The biggest mistake most people make when cooking beets happens before they even turn on the stove. And that mistake is getting their beets in a bag.
One of the most important benefits of beets, nutritionally and culinarily, is in their brilliant leafy tops. They’re actually best when just rinsed, steamed for 30 seconds and drizzled with extra virgin olive oil.
Researchers have used beet green juice as a food supplement for athletes. What they found was that cyclists were able to go further and faster before fatiguing after they had consumed beetroot juice. If you aren’t into juicing 40 pounds of beet greens into a shot glass of juice, try incorporating them in these ways:
- Add whole leaves to a blueberry smoothie
- Use beet leaves as wraps for pulled pork or pulled chicken
- Blend together goat’s cheese, feta cheese and beet greens for a bread spread
- Blend beet greens, olive oil, garlic and walnuts as a pesto drizzle for chicken
- Top pizza with a combination of chopped beet greens, chopped figs and blue cheese
The active ingredient in beets appears to be nitrates. Yep, the very same nitrates that you have heard are so awful in your deli meats and hot dogs. Most nitrates in your diet come from plants, especially dark leafy greens.
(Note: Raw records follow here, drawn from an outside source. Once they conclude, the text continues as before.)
(* Let $a>1$, $C_j(n,a)=\binom{n}{j}\left(\frac{1+a}{2}\right)^{n-j}\left(\frac{1-a}{2}\right)^j$, $F_n(x,a)=\sum_{j=0}^nC_j(n,a)e^{i(1-\frac{2j}{n})x}$, and $\mathtt{H}_{k,n}(x)=h_k(x)F_n(x,a)$ for $k\geq0$, $n\geq1$. Then for every $z\in\mathbb{C}$, $$\mathcal{B}(\mathtt{H}_{k,n})(z)=\frac{1}{\sqrt{k!}}\sum_{j=0}^nC_j(n,a)\left(z+\tfrac{i}{\sqrt2}(1-2j/n)\right)^k e^{\frac{iz}{\sqrt2}(1-2j/n)-\frac14(1-2j/n)^2}.$$
   Context: $h_k(x)=(2^kk!\sqrt\pi)^{-1/2}H_k(x)e^{-x^2/2}$ are the normalized Hermite functions, $H_k(x)=(-1)^ke^{x^2}\frac{d^k}{dx^k}e^{-x^2}$. $\mathcal{B}(\varphi)(z)=\pi^{-1/4}\int_{\mathbb{R}}e^{-\frac12(z^2+x^2)+\sqrt2 zx}\varphi(x)\,dx$ is the Segal-Bargmann transform; it satisfies $\mathcal{B}(h_k)(z)=z^k/\sqrt{k!}$. *)

From Stdlib Require Import Reals Factorial.
From Coquelicot Require Import Coquelicot.

Open Scope R_scope.

Definition cexp (w : C) : C :=
  (exp (Re w) * cos (Im w), exp (Re w) * sin (Im w)).

Definition hermiteH (k : nat) (x : R) : R :=
  (-1) ^ k * exp (x ^ 2) * Derive_n (fun t => exp (- t ^ 2)) k x.

Definition hermite_fun (k : nat) (x : R) : R :=
  / sqrt (2 ^ k * INR (fact k) * sqrt PI) * hermiteH k x * exp (- x ^ 2 / 2).

Definition SB_integrand (phi : R -> C) (z : C) (x : R) : C :=
  (RtoC (/ Rpower PI (1/4)) *
   cexp (- (z * z + RtoC (x * x)) / RtoC 2 + RtoC (sqrt 2) * z * RtoC x)
   * phi x)%C.

Definition is_SegalBargmann (phi : R -> C) (z v : C) : Prop :=
  @is_RInt_gen C_R_NormedModule (SB_integrand phi z) (Rbar_locally m_infty) (Rbar_locally p_infty) v.

Definition Ccoef (n j : nat) (a : R) : R :=
  Binomial.C n j * ((1 + a) / 2) ^ (n - j) * ((1 - a) / 2) ^ j.

Definition lam (n j : nat) : R := 1 - 2 * INR j / INR n.

Definition Fn (n : nat) (x a : R) : C :=
  sum_n (fun j => (RtoC (Ccoef n j a) * cexp (Ci * RtoC (lam n j * x)))%C) n.

Definition Hkn (k n : nat) (a : R) (x : R) : C :=
  (RtoC (hermite_fun k x) * Fn n x a)%C.

(* Expanding [F_n], the Segal-Bargmann integrand of [H_{k,n}] is a combination of the
   functions [x |-> e^{b x} (d/dx)^k e^{-x^2}] with [b = sqrt 2 z + i (1 - 2j/n)].
   Integrating by parts [k] times, [int e^{b x} (d/dx)^k e^{-x^2} = (-b)^k int e^{b x - x^2}],
   and [int e^{b x - x^2} = sqrt PI e^{b^2/4}]: on a finite interval, [G t = int e^{t b x - x^2}]
   solves [G' = (t b^2 / 2) G] up to boundary terms, so [e^{-t^2 b^2/4} G t] differs from the
   real Gaussian integral [G 0] by an error that vanishes as the interval grows.  The real
   Gaussian integral comes from the constancy of
   [(int_0^T e^{-x^2})^2 + int_0^1 e^{-T^2 (1 + y^2)} / (1 + y^2) dy].
   Finally [(-b)^k = (- sqrt 2)^k (z + i l / sqrt 2)^k] and
   [e^{-z^2/2} e^{b^2/4} = e^{i z l / sqrt 2 - l^2/4}] produce the stated formula. *)

From Pilot Require Import Defs.
From Stdlib Require Import Reals Factorial Lra Lia.
From Coquelicot Require Import Coquelicot.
The natural extract that is put into some deli meats comes from celery seeds high in nitrates so it just doesn’t make sense that this is the very thing that is causing so much trouble. You ate more of it in your salad before your sausage.
The answer may be what comes with those nitrates. Is it a high fat, high sodium processed food? Or a high nutrition, high fibre plant? In the end, it probably doesn’t matter. If you incorporate as many dark leafy greens as you can, a delicious deli meat sandwich is probably just fine. Simply serve up a side of colorful greens to go with it and call it even.